I was sitting reading Louie's delightful, loving, passionate letter for the fiftieth time, my prick standing deliciously all up my belly under the buttons of my trousers as it thought of the dear cunt it had so often fucked and spent in, when I was suddenly astonished at seeing Mrs Selwyn and Fanny walking into my room unannounced. It was very hot and I was surprised at seeing Mrs Selwyn, who was so delicate, expose herself too much to the sun.

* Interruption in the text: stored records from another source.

Lemma generic_factor_neq0 a k s c : generic a -> s != 0 ->
  c = s * (1 - a * q ^ k) -> c != 0.
Proof. by move=> ga s_neq0 ->; rewrite mulf_neq0. Qed.

Lemma genericMq a k : generic a -> generic (a * q ^ k).
Proof. by move=> ga l; rewrite -mulrA -expfzDr. Qed.

Lemma invpochE a n : invpoch q a n = (poch q a n)^-1.
Proof. by case: n => [k|k] //=; rewrite invrK. Qed.

Lemma poch_neq0 a n : generic a -> poch q a n != 0.
Proof.
move=> ga; case: n => [k|k] /=; rewrite ?invr_eq0 prodf_seq_neq0; apply/allP => i _.
  exact: (ga (Posz i)).
exact: (ga (Negz i)).
Qed.

Lemma pochSr a n : generic a -> poch q a (n + 1) = poch q a n * (1 - a * q ^ n).
Proof.
move=> ga; case: n => [k|[|k]].
- by rewrite -PoszD addn1 /poch big_ord_recr.
- rewrite Negz0_add1 /poch /= big_ord0 big_ord1 mulVf //.
  exact: (ga (Negz 0)).
- rewrite NegzS_add1 /poch [in RHS]big_ord_recr /= invfM -mulrA.
  by rewrite mulVf ?mulr1 //; exact: (ga (Negz k.+1)).
Qed.

Lemma pochSl a n : generic a -> poch q a (n + 1) = (1 - a) * poch q (a * q) n.
Proof.
move=> ga; have ga0 := generic_subr1 ga.
case: n => [k|[|k]].
- rewrite -PoszD addn1 /poch big_ord_recl /= expr0 mulr1.
  by congr (_ * _); apply: eq_bigr => i _; rewrite exprS mulrA.
- by rewrite Negz0_add1 /poch /= big_ord0 big_ord1 mulfK // mulfV.
- rewrite NegzS_add1 /poch [in RHS]big_ord_recl /= mulfK //.
  rewrite invfM mulrA mulfV // mul1r; congr (_^-1); apply: eq_bigr => i _.
  by rewrite [q ^+ (bump 0 i).+1]exprS invfM mulrA mulfK.
Qed.

Lemma pochD a n k : generic a ->
  poch q a (n + k) = poch q a n * poch q (a * q ^ n) k.
Proof.
move=> ga; have gb := genericMq n ga.
have stepE l : (poch q a (n + l) = poch q a n * poch q (a * q ^ n) l) <->
               (poch q a (n + (l + 1)) = poch q a n * poch q (a * q ^ n) (l + 1)).
  rewrite addrA !pochSr // expfzDr // !mulrA.
  have hf : 1 - a * q ^ n * q ^ l != 0 by rewrite -mulrA -expfzDr.
  by split=> [-> //|/(mulIf hf)].
case: k => [j|j].
  elim: j => [|j IH]; first by rewrite addr0 /poch /= big_ord0 mulr1.
  by rewrite -addn1 PoszD; apply/(stepE j).
elim: j => [|j IH].
  by apply/(stepE (Negz 0)); rewrite Negz0_add1 addr0 /poch /= big_ord0 mulr1.
by apply/(stepE (Negz j.+1)); rewrite NegzS_add1.
Qed.

Lemma pochMq a n : generic a ->
  poch q (a * q) n = poch q a n * (1 - a * q ^ n) / (1 - a).
Proof.
by move=> ga; rewrite -pochSr // pochSl // mulrAC mulfV ?mul1r ?generic_subr1.
Qed.

Lemma poch0 b : poch q b 0 = 1. Proof. by rewrite /poch /= big_ord0. Qed.
Lemma poch1 b : poch q b 1 = 1 - b. Proof. by rewrite /poch /= big_ord1 mulr1. Qed.
Lemma poch2 b : poch q b 2 = (1 - b) * (1 - b * q).
Proof. by rewrite /poch /= !big_ord_recr big_ord0 /= mul1r mulr1. Qed.
Lemma poch3 b : poch q b 3 = (1 - b) * (1 - b * q) * (1 - b * q ^+ 2).
Proof. by rewrite /poch /= !big_ord_recr big_ord0 /= mul1r mulr1. Qed.
Lemma pochN1 b : poch q b (-1) = (1 - b / q)^-1.
Proof. by rewrite /poch /= big_ord1. Qed.

(* [poch q] and [invpoch q q] under names that the normalisation tactics below do
   not rewrite: they mark the base factors into which every other factorial is split. *)
Definition poch_base a n := poch q a n.
Definition qfact_inv n := invpoch q q n.

Lemma poch_shift a c (j : nat) n B t : generic a -> c = a * q ^+ j ->
  n + j%:Z = B + t -> poch q c n = poch_base a B * poch q (a * q ^ B) t / poch q a j.
Proof.
move=> ga -> e.
by rewrite /poch_base -pochD // -e addrC pochD // mulrAC mulfV ?mul1r ?poch_neq0.
Qed.

Section QFactorial.
Hypothesis q_unity : forall k : nat, 1 - q ^+ k.+1 != 0.

Lemma invpoch_qS n : invpoch q q n = invpoch q q (n + 1) * (1 - q ^ (n + 1)).
Proof.
rewrite expfzDr // expr1z [_ * q]mulrC; case: n => [k|[|k]].
- rewrite -PoszD addn1 /invpoch big_ord_recr /= invfM -mulrA.
  by rewrite mulVf ?mulr1 // -exprS.
- by rewrite Negz0_add1 /invpoch /= big_ord0 invr1 mul1r big_ord1.
- by rewrite NegzS_add1 /invpoch /= [in LHS]big_ord_recr.
Qed.

Lemma qfact_inv_shift n B (t : nat) : n + t%:Z = B ->
  invpoch q q n = qfact_inv B * \prod_(i < t) (1 - q ^ B / q ^+ i).
Proof.
elim: t n => [|t IH] n e; first by rewrite big_ord0 mulr1 -e addr0.
rewrite invpoch_qS (IH (n + 1)); last by lia.
rewrite big_ord_recr /= -mulrA; congr (_ * (_ * (1 - _))).
have -> : B = n + 1 + t by rewrite -e; lia.
by rewrite (expfzDr (n + 1) t) // mulfK // expf_neq0.
Qed.

End QFactorial.
End QPochhammer.

(* An offset [d] from the base has zero coefficients on [N] and [M],
   so evaluating it at [N = M = 0] yields its value as a closed integer. *)
Ltac index_base n N M :=
  lazymatch n with
  | context [N] => lazymatch n with context [M] => constr:(N + M) | _ => N end
  | _ => M
  end.

Ltac eval_offset d N M :=
  let d := eval pattern N, M in d in
  lazymatch d with ?F _ _ => eval vm_compute in (F 0 0) end.

Ltac split_qfact q hq hq1 N M :=
  repeat match goal with |- context [invpoch q q ?n] =>
    let B := index_base n N M in
    lazymatch eval_offset (n - B) N M with
    | Negz ?t => rewrite (qfact_inv_shift hq hq1 (n := n) (B := B) (t := t.+1)); [|lia]
    | Posz 0 => rewrite (qfact_inv_shift hq hq1 (n := n) (B := B) (t := 0)); [|lia]
    end
  end.

Ltac expand_poch_lit q :=
  rewrite ?(poch0 q) ?(poch1 q) ?(poch2 q) ?(poch3 q) ?(pochN1 q).

(* A factorial argument [c] is [Z], [W] or [Z * W / q] times a power of [q]:
   [generic_base] picks that base and [qdeg] counts the factors [q] in [c]. *)
Ltac qdeg q c :=
  lazymatch c with
  | q => constr:(Posz 1)
  | ?x / ?y => let a := qdeg q x in let b := qdeg q y in constr:(a - b)
  | ?x * ?y => let a := qdeg q x in let b := qdeg q y in constr:(a + b)
  | _ => constr:(Posz 0)
  end.

Ltac generic_base q Z W c :=
  lazymatch c with
  | context [Z] => lazymatch c with context [W] => constr:(Z * W / q) | _ => Z end
  | _ => W
  end.

Ltac generic_proof Z W gZ gW gZW a :=
  lazymatch a with Z => gZ | W => gW | _ => gZW end.

Ltac split_poch q hq N M Z W gZ gW gZW :=
  match goal with |- context [poch q ?c ?n] =>
    let a := generic_base q Z W c in
    let ga := generic_proof Z W gZ gW gZW a in
    let dc := qdeg q c in let da := qdeg q a in
    lazymatch eval vm_compute in (dc - da) with Posz ?j =>
      let e := fresh "e" in
      assert (e : c = a * q ^+ j) by (rewrite ?exprS ?expr0; field; done);
      let B := index_base n N M in
      let t := eval_offset (n + Posz j - B) N M in
      rewrite (poch_shift hq ga e (n := n) (B := B) (t := t)); [|lia]; clear e
    end;
    expand_poch_lit q
  end.

(* The side conditions left by [field] read [s - c != 0] with [s] = 1 or [q] and
   [c] a monomial; each is [s * (1 - a * q ^ k)] for the base [a] of [c]. *)
Ltac generic_factor_eq := rewrite ?expfzDr // ?expr0z ?expr1z ?exprN1 -?exprnP; field; done.

Ltac generic_neq0 q N M Z W gZ gW gZW :=
  match goal with |- ?g =>
    let a := generic_base q Z W g in
    let ga := generic_proof Z W gZ gW gZW a in
    let with_exponent k :=
      first [ apply: (generic_factor_neq0 (k := k) (s := 1) ga);
                [ exact: oner_neq0 | generic_factor_eq ]
            | apply: (generic_factor_neq0 (k := k) (s := q) ga);
                [ done | generic_factor_eq ] ] in
    lazymatch g with
    | context [q ^ N] => first [ with_exponent N | with_exponent (N - 1) | with_exponent (N + 1) ]
    | context [q ^ M] => first [ with_exponent M | with_exponent (M - 1) | with_exponent (M + 1) ]
    | _ => first [ with_exponent (Posz 0) | with_exponent (Posz 1) | with_exponent (Posz 2) ]
    end
  end.

Section YZero.
Variables (K : fieldType) (q Z W u v : K) (N M : int).
Hypotheses (q_neq0 : q != 0) (q_unity : forall k : nat, 1 - q ^+ k.+1 != 0).
Hypotheses (gZ : generic q Z) (gW : generic q W) (gZW : generic q (Z * W / q)).
Hypotheses (u_neq0 : u != 0) (Z_neq0 : Z != 0) (W_neq0 : W != 0).

Lemma Phi2_11 : Phi2 q N M u v 1 1 Z W * (1 - Z * W / q) =
  Phi1 q N M u v Z W - Z * W * q ^ (M - 1) * Phi1 q N M (u / Z) (v / W) Z W.
Proof.
rewrite /Phi2 big_perm3.
have -> : ord0 = i0 by exact: val_inj.
have -> : inord 1 = i1 by apply: val_inj; rewrite /= inordK.
have -> : ord_max = i2 by exact: val_inj.
rewrite !odd_permM ?odd_perm1 !odd_tperm !permM ?perm1 !permE /=.
rewrite /Phiy0 /Phi1 /Phi0.
split_qfact q q_neq0 q_unity N M.
expand_poch_lit q.
rewrite !big_ord_recr !big_ord0 /= !invpochE.
repeat split_poch q q_neq0 N M Z W gZ gW gZW.
rewrite !expfzDr // exprN1.
field.
repeat (apply/andP; split).
all: first [ done | exact: oner_neq0 | exact: poch_neq0
           | generic_neq0 q N M Z W gZ gW gZW ].
Qed.
End YZero.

'Oh Mrs Selwyn! What on earth has made you come over here in this blazing sun? If you wanted me why did you not send word for me? Here sit down under the punkah! Here is a chair! There now! Tell me what I can do for you and you know I will do it.'

Mrs Selwyn looked at Fanny and smiled. Fanny looked at me with the queerest expression of half-fun, half-earnestness in her glorious violet eyes. She looked extremely pretty. She had not lost any of the fresh colour she had brought down in her face from Cherat. Clad in a thin muslin dress, her bosom was that of a glorious nymph. Its two little mountains, evidently much grown since I had seen them bare and uncovered some months before, were swelling out in the most voluptuously tempting manner on either side. Her well-rounded and healthfully shaped thighs were equally well shown off by the soft folds of her dress and her lovely little feet and ankles, crossed in front of her, ended a fine pair of well developed legs which I did not wonder Lavie would like to open and take his pleasure between. Fanny seemed to me altogether more beautiful this day than I had ever seen her before. But I looked upon her as never to be mine and so schooled was I in this thought that, much as I admired her, my prick grew none the stiffer and was standing simply and solely for the sweet cunt between my Louie's thighs, thousands of miles away.